Curran first had the idea for the show in the mid-1980s. He worked on it off and on over the years before finishing it about six months ago. Casting was the next hurdle. He needed to find a charismatic young actor who could sing, was charming and funny, and could play protagonist Melvin Kaplofkis and all the other characters, including Melvin’s family members, his agent and mobster Vinny Scarmoochie, who conscripts the kid to collect protection money from local business owners. 

Curran ran an ad in Backstage, which drew 2,500 responses in the form of video auditions. After watching every one, which took about six weeks, he narrowed the candidates to 20, and then to 10, before meeting the top two in person. “Danny DiTorrice had the least experience but he won it hands down,” Curran said. “I knew he was the guy from the moment I met him, but I met one other guy just to be sure.”

“It will have a special resonance for a Jewish audience, [but] the ideas of assimilation in a new country and family conflict are universal.” — Mark Curran

In the play, DiTorrice, an Italian-American native of Colorado, performs musical selections that run the gamut from klezmer music to traditional Hebrew songs like “Oseh Shalom,” “Havah Nagilah,” and the Israeli national anthem, “Hatikvah,” to song parodies that put new lyrics to everything from “Tzena, Tzena” to “Maria” from “West Side Story.” The list reflects Curran’s eclectic tastes.

“It’s influenced by the music I grew up with: Frank Sinatra, Bobby Darin, musicals like ‘West Side Story’ and ‘Fiddler on the Roof,’” the writer-director said.

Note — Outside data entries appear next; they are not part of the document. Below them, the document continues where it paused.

Lemma coef_le_EXnorm_lincomb a0 j K :
  a0 <= EXnorm X x (v j) -> (j < K)%nat ->
  a0 * Rabs (a j) <= 2 * EXnorm X x (lincomb a v K).
Proof.
  intros Ha0 HK. set (E := EXnorm X x (lincomb a v K)).
  destruct (Req_dec (a j) 0) as [Haj|Haj].
  - rewrite Haj, Rabs_R0, Rmult_0_r.
    pose proof (EXnorm_nonneg X x _ (lincomb_finsupp K)). unfold E. lra.
  - assert (Hpos : 0 < Rabs (a j)) by now apply Rabs_pos_lt.
    assert (Hv : EXnorm X x (v j) <= 2 * E / Rabs (a j)).
    { apply EXnorm_le; [apply block_finsupp|]. intro m.
      apply (Rmult_le_reg_l (Rabs (a j))); [exact Hpos|].
      replace (Rabs (a j) * (2 * E / Rabs (a j))) with (2 * E) by (field; lra).
      now apply scaled_psum_block_le. }
    replace (2 * E) with (2 * E / Rabs (a j) * Rabs (a j)) by (field; lra).
    apply Rmult_le_compat_r; lra.
Qed.

Lemma maxabs_le_EXnorm_lincomb a0 K :
  0 <= a0 -> (forall j, a0 <= EXnorm X x (v j)) ->
  a0 * maxabs a K <= 2 * EXnorm X x (lincomb a v K).
Proof.
  intros Ha0 Hv. apply maxabs_scaled_le; [exact Ha0| |].
  - pose proof (EXnorm_nonneg X x _ (lincomb_finsupp K)). lra.
  - intros j Hj. now apply coef_le_EXnorm_lincomb.
Qed.

Section UpperEstimate.

Variable b : R.
Hypothesis block_le : forall k, EXnorm X x (v k) <= b.
Hypothesis QX_block_le : forall k, bnorm (QX X x (v k)) <= / 2 ^ k.

(** [2 - 2 / 2 ^ K = sum_{k<K} 2^-k] bounds the finished blocks. *)
Lemma psum_lincomb_le K m :
  bnorm (psum X x (lincomb a v K) m) <= maxabs a K * (2 + b) /\
  ((p K <= S m)%nat -> bnorm (psum X x (lincomb a v K) m) <= maxabs a K * (2 - 2 / 2 ^ K)).
Proof.
  assert (Hb : forall k m, bnorm (psum X x (v k) m) <= b).
  { intros k m'. eapply Rle_trans; [apply psum_le_EXnorm, block_finsupp|apply block_le]. }
  assert (Hb0 : 0 <= b) by (eapply Rle_trans; [apply bnorm_nonneg|apply (Hb 0%nat 0%nat)]).
  revert m. induction K as [|K IH]; intro m.
  { rewrite psum_lincomb_0, bnorm_0. simpl. split; intros; lra. }
  destruct (IH m) as [IH1 IH2].
  rewrite psum_lincomb_S.
  set (L := psum X x (lincomb a v K) m) in *.
  set (P := psum X x (v K) m).
  assert (Htri : bnorm (badd L (bscale (a K) P)) <= bnorm L + Rabs (a K) * bnorm P).
  { rewrite <- bnorm_scale. apply bnorm_triangle. }
  set (M := maxabs a K) in *. set (M' := maxabs a (S K)).
  assert (HMM' : M <= M') by apply Rmax_l.
  assert (HaM' : Rabs (a K) <= M') by apply Rmax_r.
  assert (HM0 : 0 <= M) by apply maxabs_nonneg.
  assert (Ht : 0 < / 2 ^ K <= 1).
  { split; [apply Rinv_0_lt_compat, pow_lt; lra|].
    rewrite <- Rinv_1. apply Rinv_le_contravar; [lra|apply pow_R1_Rle; lra]. }
  assert (HtS : 2 / 2 ^ S K = / 2 ^ K) by (simpl; field; apply pow_nonzero; lra).
  unfold Rdiv in *. rewrite HtS. set (t := / 2 ^ K) in *.
  pose proof (Rabs_pos (a K)). pose proof (bnorm_nonneg X P).
  destruct (le_lt_dec (S m) (p K)) as [Hbefore|Hafter].
  - assert (HP : bnorm P = 0) by (unfold P; now rewrite psum_block_before, bnorm_0).
    rewrite HP in Htri.
    split; [nra|]. intro. pose proof (p_incr K). lia.
  - assert (HL : bnorm L <= M * (2 - 2 * t)) by (apply IH2; lia).
    destruct (le_lt_dec (p (S K)) (S m)) as [Hdone|Hpart].
    + assert (HP : bnorm P <= t).
      { unfold P. rewrite psum_block_after_QX by exact Hdone. apply QX_block_le. }
      split; intros; nra.
    + assert (HP : bnorm P <= b) by apply Hb.
      split; [nra|]. intro. lia.
Qed.

Lemma EXnorm_lincomb_le K : EXnorm X x (lincomb a v K) <= maxabs a K * (2 + b).
Proof.
  apply EXnorm_le; [apply lincomb_finsupp|]. intro m. apply psum_lincomb_le.
Qed.

End UpperEstimate.

End Blocks.

Theorem proposition17 (X : Banach) (x : nat -> X) (v : nat -> nat -> R) :
  separable X ->
  (exists y : X, y <> bzero) ->
  dense_in_sphere X x ->
  block_seq v ->
  semi_normalized X x v ->
  (forall k, bnorm (QX X x (v k)) <= / 2 ^ k) ->
  equiv_c0_basis X x v.
Proof.
  (* Separability, [X <> 0] and density only make [E_X] a space with a basis;
     the estimates do not use them. *)
  intros _ _ _ [_ [p [p_incr v_supp]]] [a0 [b [Ha0 Hv]]] HQ.
  set (C := Rmax (2 / a0) (2 + b)).
  assert (HC1 : 2 / a0 <= C) by apply Rmax_l.
  assert (HC2 : 2 + b <= C) by apply Rmax_r.
  assert (HC0 : 0 < C) by (eapply Rlt_le_trans; [|exact HC1]; apply Rdiv_lt_0_compat; lra).
  exists C. split; [exact HC0|]. intros a K.
  pose proof (maxabs_nonneg a K).
  pose proof (EXnorm_lincomb_le X x v p p_incr v_supp a b
    (fun k => proj2 (Hv k)) HQ K) as Hupper.
  pose proof (maxabs_le_EXnorm_lincomb X x v p p_incr v_supp a a0 K
    ltac:(lra) (fun k => proj1 (Hv k))) as Hlower.
  assert (HCinv : / C <= a0 / 2).
  { replace (a0 / 2) with (/ (2 / a0)) by (field; lra).
    apply Rinv_le_contravar; [apply Rdiv_lt_0_compat|]; lra. }
  split; nra.
Qed.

In his youth, Curran played in bar bands as a drummer and singer in clubs on the East Coast before moving to Los Angeles in 1987.

Going into “Forever Brooklyn,” his objective was to capture the flavor of the immigrant experience and mindset and the struggle between old and new, but to keep it “light and fun and festive, something that, in particular, seniors who grew up in that period would enjoy,” he said. 

Although Curran thinks the play will have a special resonance for a Jewish audience, “the ideas of assimilation in a new country and family conflict are universal,” he said. 

He hopes to take the production elsewhere after the L.A. run, especially to the Jewish communities of southeast Florida. As a show with one actor and virtual video-projection sets, it travels easily, Curran said. He also would love to bring it to New York, “but that depends on investors,” he said. Meanwhile, he’s developing a series of one-act plays.

For now, though, Curran is concentrating on “Forever Brooklyn” and what he would like theatergoers to take away from seeing it. “It’s OK to hold on to the old traditions but to forge a new path. And we should not judge people by their appearance, the color of their skin or ethnicity,” he said. “We don’t clobber people over the head with that, but that’s the essence of it. We’re all children of God.”


“Forever Brooklyn” runs Jan. 5-Feb. 9 at the Whitefire Theatre in Sherman Oaks.